Below are some entries; report how many of their lines contain the word "EFinM", giving nothing besides the number.

■ Stored items:
________________________________________
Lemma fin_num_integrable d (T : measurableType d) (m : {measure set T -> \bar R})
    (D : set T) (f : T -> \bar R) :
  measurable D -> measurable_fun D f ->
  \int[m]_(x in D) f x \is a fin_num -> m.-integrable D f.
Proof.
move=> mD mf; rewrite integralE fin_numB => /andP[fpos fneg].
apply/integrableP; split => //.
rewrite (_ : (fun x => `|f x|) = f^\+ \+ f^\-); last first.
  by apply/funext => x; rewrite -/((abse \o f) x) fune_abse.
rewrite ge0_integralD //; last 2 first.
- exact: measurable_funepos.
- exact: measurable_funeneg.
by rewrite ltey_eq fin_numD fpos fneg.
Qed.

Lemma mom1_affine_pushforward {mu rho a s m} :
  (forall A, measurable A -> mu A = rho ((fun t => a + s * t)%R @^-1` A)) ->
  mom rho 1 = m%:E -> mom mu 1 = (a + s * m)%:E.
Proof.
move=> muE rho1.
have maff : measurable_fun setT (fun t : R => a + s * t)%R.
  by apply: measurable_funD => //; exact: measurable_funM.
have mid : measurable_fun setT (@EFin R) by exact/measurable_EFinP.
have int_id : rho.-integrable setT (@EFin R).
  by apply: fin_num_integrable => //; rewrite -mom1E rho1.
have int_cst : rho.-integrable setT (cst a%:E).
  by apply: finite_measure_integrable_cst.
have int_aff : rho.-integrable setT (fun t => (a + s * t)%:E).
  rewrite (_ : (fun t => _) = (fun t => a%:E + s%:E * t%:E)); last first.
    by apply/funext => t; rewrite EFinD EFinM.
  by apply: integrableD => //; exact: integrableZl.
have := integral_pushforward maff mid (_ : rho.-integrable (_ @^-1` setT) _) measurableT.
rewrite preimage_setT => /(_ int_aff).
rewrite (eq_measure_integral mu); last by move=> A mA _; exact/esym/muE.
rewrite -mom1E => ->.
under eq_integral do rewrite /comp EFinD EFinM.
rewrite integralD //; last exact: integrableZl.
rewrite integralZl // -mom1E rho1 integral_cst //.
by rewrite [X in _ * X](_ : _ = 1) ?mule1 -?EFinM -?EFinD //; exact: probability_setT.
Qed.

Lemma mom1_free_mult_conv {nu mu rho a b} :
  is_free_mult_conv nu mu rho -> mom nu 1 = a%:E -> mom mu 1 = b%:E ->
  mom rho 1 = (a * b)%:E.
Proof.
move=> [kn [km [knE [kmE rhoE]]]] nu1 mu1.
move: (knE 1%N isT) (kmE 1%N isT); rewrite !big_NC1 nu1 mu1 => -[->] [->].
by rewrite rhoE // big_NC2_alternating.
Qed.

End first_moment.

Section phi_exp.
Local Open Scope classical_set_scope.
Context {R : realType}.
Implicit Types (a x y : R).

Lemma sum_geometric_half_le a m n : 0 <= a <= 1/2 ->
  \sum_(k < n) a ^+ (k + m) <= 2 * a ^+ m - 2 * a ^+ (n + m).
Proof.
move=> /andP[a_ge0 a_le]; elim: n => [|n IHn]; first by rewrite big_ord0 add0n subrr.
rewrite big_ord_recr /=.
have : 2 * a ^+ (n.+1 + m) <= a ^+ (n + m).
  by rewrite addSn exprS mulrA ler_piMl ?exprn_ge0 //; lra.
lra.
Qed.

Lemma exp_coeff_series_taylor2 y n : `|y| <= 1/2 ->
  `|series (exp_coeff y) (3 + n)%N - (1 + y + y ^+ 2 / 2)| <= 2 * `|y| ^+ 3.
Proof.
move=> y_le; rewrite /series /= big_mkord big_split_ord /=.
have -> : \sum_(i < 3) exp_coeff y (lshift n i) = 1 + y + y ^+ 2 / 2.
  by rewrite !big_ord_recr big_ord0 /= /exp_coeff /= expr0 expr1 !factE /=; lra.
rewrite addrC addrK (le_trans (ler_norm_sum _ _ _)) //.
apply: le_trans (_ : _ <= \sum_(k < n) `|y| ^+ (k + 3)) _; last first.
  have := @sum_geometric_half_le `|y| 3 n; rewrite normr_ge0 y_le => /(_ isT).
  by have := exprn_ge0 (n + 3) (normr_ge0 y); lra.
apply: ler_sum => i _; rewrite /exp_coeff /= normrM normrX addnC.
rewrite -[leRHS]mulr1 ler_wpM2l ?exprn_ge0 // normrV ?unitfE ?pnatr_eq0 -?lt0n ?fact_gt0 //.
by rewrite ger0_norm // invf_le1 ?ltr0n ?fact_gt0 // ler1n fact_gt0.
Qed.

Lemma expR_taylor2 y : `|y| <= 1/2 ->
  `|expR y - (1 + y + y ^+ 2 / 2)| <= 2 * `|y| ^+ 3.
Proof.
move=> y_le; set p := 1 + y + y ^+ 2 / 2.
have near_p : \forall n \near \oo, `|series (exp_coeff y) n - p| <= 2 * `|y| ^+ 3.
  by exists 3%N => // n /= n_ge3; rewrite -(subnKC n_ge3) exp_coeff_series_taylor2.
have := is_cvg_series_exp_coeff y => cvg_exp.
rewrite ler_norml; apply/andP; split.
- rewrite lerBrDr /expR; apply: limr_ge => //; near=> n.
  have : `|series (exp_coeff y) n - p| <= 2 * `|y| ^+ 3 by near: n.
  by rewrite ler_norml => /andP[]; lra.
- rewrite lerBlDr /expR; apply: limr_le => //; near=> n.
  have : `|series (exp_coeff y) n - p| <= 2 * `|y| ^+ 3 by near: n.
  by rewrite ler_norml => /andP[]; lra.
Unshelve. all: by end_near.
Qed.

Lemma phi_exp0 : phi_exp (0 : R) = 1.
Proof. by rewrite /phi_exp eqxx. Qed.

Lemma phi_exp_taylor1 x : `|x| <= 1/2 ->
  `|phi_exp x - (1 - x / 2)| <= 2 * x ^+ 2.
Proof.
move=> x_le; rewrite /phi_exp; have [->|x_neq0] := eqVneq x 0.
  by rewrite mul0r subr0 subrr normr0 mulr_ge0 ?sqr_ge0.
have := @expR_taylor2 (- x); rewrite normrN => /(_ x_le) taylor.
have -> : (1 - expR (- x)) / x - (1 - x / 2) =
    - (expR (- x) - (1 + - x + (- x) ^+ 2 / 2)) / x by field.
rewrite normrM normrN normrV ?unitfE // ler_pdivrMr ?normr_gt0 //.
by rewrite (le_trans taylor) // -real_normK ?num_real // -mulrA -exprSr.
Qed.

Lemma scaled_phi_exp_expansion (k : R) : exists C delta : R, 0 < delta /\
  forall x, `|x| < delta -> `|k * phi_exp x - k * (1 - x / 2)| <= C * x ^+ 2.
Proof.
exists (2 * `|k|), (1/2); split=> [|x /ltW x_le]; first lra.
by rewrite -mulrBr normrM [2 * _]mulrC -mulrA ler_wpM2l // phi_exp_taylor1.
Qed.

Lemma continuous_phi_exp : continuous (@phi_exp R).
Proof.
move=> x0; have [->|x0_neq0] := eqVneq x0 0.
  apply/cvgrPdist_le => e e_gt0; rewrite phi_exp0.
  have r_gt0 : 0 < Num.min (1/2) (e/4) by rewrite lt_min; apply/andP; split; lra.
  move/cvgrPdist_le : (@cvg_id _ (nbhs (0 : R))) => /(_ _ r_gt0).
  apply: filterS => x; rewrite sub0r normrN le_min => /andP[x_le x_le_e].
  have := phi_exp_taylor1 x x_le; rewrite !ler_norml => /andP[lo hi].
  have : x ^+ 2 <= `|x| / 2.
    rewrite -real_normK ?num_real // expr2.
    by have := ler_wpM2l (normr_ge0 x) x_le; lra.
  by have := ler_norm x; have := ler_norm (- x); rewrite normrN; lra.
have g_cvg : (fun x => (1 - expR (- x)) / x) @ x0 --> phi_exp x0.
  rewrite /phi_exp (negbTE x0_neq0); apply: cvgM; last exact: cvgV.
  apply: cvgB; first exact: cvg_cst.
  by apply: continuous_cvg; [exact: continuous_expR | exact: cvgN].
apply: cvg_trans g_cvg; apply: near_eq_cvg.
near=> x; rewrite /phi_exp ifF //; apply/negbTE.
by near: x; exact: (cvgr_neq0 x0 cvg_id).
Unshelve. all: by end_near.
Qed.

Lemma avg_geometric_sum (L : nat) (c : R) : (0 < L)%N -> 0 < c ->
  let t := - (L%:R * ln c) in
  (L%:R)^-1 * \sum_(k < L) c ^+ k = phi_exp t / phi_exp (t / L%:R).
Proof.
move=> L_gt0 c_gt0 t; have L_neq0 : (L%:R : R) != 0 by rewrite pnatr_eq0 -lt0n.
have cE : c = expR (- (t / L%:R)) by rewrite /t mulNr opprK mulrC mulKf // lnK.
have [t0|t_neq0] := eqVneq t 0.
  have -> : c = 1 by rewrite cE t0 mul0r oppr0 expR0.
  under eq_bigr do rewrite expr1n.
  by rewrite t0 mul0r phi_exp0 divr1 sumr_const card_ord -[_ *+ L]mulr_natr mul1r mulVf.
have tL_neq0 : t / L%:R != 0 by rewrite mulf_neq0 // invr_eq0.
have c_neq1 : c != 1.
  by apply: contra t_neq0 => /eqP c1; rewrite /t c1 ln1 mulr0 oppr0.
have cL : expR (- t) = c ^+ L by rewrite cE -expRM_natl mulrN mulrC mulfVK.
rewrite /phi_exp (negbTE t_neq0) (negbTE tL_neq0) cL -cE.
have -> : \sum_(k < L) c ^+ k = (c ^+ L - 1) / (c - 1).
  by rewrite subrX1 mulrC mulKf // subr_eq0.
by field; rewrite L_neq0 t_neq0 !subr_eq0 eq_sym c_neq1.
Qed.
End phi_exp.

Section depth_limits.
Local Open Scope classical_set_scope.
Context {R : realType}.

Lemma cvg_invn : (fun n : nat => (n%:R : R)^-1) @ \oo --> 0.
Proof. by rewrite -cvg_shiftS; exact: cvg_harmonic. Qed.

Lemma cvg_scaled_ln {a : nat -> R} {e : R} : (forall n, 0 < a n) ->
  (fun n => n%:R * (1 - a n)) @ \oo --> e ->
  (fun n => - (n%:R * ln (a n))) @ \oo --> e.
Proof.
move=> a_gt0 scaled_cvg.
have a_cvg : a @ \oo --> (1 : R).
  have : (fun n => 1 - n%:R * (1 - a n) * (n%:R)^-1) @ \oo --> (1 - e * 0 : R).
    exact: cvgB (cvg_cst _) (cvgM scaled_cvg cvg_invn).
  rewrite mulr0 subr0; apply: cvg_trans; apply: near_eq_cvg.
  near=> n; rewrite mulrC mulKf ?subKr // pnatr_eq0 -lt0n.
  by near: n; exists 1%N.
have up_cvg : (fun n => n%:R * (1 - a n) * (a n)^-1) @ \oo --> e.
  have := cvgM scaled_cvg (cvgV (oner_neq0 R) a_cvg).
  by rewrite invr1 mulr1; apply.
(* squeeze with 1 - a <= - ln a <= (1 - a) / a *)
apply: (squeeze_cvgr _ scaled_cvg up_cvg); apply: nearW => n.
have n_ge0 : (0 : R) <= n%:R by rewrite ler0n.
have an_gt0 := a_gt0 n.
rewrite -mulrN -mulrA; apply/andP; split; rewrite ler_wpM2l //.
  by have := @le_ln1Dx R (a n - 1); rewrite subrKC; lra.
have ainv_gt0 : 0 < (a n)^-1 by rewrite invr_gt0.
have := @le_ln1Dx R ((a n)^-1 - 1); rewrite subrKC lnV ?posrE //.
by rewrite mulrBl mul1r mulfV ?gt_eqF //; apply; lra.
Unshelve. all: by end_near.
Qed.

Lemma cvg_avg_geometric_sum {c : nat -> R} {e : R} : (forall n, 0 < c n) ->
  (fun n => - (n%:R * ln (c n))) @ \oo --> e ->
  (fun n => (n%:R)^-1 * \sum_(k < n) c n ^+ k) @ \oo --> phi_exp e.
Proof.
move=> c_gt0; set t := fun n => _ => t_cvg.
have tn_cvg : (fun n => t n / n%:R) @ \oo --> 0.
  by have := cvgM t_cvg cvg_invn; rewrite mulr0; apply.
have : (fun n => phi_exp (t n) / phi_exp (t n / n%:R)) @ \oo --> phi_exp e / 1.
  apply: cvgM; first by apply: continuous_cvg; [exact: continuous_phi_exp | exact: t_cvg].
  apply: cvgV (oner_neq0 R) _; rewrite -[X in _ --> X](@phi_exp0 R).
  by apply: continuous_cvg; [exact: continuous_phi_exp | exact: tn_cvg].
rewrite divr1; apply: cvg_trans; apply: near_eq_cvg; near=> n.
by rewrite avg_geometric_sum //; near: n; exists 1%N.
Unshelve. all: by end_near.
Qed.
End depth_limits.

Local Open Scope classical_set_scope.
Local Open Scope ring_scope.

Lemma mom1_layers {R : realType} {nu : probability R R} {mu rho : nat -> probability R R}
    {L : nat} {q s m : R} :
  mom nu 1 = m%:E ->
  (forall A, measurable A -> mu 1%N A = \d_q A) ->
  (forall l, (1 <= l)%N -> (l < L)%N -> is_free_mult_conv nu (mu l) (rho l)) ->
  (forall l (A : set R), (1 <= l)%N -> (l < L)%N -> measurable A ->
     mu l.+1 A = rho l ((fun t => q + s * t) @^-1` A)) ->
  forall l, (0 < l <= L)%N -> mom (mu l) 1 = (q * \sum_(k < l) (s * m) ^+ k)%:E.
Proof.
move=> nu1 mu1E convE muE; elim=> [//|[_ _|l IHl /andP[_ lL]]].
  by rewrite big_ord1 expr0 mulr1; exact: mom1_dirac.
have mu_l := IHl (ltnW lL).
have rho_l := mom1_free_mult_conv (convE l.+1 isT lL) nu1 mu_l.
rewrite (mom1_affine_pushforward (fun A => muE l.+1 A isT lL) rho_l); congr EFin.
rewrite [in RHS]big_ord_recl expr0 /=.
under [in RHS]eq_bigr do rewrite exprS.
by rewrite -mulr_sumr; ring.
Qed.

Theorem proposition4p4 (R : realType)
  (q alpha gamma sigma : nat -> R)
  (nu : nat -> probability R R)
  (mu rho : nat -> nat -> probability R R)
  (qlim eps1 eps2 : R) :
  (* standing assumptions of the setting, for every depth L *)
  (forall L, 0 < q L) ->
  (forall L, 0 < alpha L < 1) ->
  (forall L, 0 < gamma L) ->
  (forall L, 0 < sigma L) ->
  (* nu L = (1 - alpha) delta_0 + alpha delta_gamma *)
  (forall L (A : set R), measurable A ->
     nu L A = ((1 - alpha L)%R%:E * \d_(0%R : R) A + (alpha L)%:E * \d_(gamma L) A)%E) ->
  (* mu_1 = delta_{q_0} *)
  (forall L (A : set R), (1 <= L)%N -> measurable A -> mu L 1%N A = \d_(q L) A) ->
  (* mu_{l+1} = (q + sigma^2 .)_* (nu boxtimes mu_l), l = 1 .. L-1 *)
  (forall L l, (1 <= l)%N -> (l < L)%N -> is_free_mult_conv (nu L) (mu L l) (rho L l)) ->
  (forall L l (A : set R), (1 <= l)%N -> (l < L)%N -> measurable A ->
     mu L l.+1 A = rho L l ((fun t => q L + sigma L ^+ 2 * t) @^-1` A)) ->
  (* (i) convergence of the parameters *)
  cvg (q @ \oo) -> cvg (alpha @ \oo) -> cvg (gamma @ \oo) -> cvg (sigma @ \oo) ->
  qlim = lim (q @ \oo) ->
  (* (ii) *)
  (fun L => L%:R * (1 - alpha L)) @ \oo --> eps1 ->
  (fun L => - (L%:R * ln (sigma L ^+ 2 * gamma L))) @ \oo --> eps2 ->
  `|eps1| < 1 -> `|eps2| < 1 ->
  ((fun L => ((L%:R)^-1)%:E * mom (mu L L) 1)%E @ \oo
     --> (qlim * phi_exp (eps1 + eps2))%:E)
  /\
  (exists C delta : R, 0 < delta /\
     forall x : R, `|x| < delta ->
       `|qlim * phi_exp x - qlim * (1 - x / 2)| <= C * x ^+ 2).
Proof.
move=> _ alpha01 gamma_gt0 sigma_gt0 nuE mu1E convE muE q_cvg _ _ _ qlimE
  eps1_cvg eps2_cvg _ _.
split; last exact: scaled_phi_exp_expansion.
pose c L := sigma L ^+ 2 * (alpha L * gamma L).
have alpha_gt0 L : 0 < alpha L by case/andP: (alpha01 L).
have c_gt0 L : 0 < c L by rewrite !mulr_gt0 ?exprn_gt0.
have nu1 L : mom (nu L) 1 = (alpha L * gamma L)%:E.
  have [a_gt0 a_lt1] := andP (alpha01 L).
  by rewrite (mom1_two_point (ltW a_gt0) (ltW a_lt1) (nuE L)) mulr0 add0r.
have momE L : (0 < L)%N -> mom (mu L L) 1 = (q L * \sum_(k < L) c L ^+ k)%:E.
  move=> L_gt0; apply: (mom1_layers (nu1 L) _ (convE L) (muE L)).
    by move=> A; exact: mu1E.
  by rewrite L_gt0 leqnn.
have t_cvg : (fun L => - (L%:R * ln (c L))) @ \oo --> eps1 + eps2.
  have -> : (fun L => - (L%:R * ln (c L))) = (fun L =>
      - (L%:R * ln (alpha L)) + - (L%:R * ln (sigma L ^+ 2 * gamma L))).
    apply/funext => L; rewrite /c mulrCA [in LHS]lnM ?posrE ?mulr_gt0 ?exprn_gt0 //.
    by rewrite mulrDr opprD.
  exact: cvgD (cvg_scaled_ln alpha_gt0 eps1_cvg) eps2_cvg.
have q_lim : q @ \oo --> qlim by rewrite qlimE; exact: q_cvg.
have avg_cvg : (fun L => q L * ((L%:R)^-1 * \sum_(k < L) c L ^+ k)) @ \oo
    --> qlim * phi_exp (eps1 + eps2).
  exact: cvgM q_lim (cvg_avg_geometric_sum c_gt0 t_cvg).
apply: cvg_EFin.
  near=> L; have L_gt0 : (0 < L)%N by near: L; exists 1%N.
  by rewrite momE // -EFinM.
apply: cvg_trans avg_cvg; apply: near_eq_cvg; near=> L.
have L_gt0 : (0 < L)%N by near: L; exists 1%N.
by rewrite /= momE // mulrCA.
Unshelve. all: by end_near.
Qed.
________________________________________
■ RESULT: 4